Lemma tens_psi_smul X x t : psi X (smul x t) = smul (psi X x) t.
Proof.
move: x; apply: (tensor_ext (g1 := fun x => psi X (smul x t))
  (g2 := fun x => smul (psi X x) t) tens_univ).
- exact: (linear_comp (psi_linr X) (smul_lin t)).
- exact: (linear_comp (smul_lin t) (psi_linr X)).
move=> a b; move: X; apply: (tensor_ext (g1 := fun X => psi X (smul (tens a b) t))
  (g2 := fun X => smul (psi X (tens a b)) t) tC_univ) => [l X1 X2 | l X1 X2 |].
- exact: psi_linl.
- by rewrite psi_linl (linD (smul_lin t)) (linZ (smul_lin t)).
by move=> c b'; rewrite !smul_tens !psi_tens smul_tens mulrA.
Qed.

Lemma tens_centroid_smul g : centroid mulT g -> forall x t, g (smul x t) = smul (g x) t.
Proof. by move=> /psi_surj[X psiX] x t; rewrite -!psiX tens_psi_smul. Qed.

End TensorModule.

Lemma pchar0_intr_eq0 (R : idomainType) (n : int) :
  [pchar R] =i pred0 -> (n%:~R == 0 :> R) = (n == 0).
Proof.
move=> R0; case: n => n; rewrite ?NegzE ?mulrNz ?oppr_eq0 -pmulrn ((pcharf0P R).1 R0) //.
Qed.

Lemma mulr_expzA (R : comUnitRingType) (u : R) (z1 z2 : int) (t : R) :
  u \is a GRing.unit -> u ^ z1 * (u ^ z2 * t) = u ^ (z1 + z2) * t.
Proof. by move=> u_unit; rewrite mulrA exprzDr. Qed.

Section Grading.
Variables (k : fieldType) (w : k).
Hypothesis w_neq0 : w != 0.

Lemma eigc_shift (V : lmodType k) (f : V -> V) (m : nat) z q v :
  w ^+ m = 1 -> eigc f w z v -> eigc f w (z + m%:Z * q) v.
Proof.
by move=> wm1; rewrite /eigc expfzDr // -exprz_exp (_ : w ^ m%:Z = 1) ?exp1rz ?mulr1.
Qed.

Lemma ualg_autXz (S : comUnitAlgType k) (f : S -> S) x z :
  ualg_aut f -> x \is a GRing.unit -> f (x ^ z) = f x ^ z.
Proof.
move=> [_ [_ [f1 fM]]] x_unit.
have fX n : f (x ^+ n) = f x ^+ n.
  by elim: n => [|n IH]; rewrite ?expr0 ?f1 // !exprS fM IH.
have fV y : y \is a GRing.unit -> f y^-1 = (f y)^-1.
  move=> y_unit; have fy_unit : f y \is a GRing.unit.
    by apply/unitrP; exists (f y^-1); rewrite -!fM mulrV // mulVr // f1.
  by apply: (mulrI fy_unit); rewrite -fM !mulrV // f1.
case: z => n; first exact: fX.
rewrite NegzE -!invr_expz fV; last exact: unitrX.
by congr (_^-1); exact: fX.
Qed.

Lemma eigc_expz (S : comUnitAlgType k) (f : S -> S) u z :
  ualg_aut f -> u \is a GRing.unit -> eigc f w 1 u -> eigc f w z (u ^ z).
Proof.
move=> f_aut u_unit fu; rewrite /eigc ualg_autXz // fu expr1z.
case: z => n; first exact: exprZn.
rewrite NegzE -!invr_expz.
have -> : (w *: u) ^ n.+1%:Z = w ^ n.+1%:Z *: u ^ n.+1%:Z by exact: exprZn.
by rewrite invrZ ?unitrX // unitfE.
Qed.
* * * * * * *
A count is all that should be returned: the number of lines in these records containing the string "comUnitAlgType".

• **SOLUTION TO THIS EXERCISE**: 2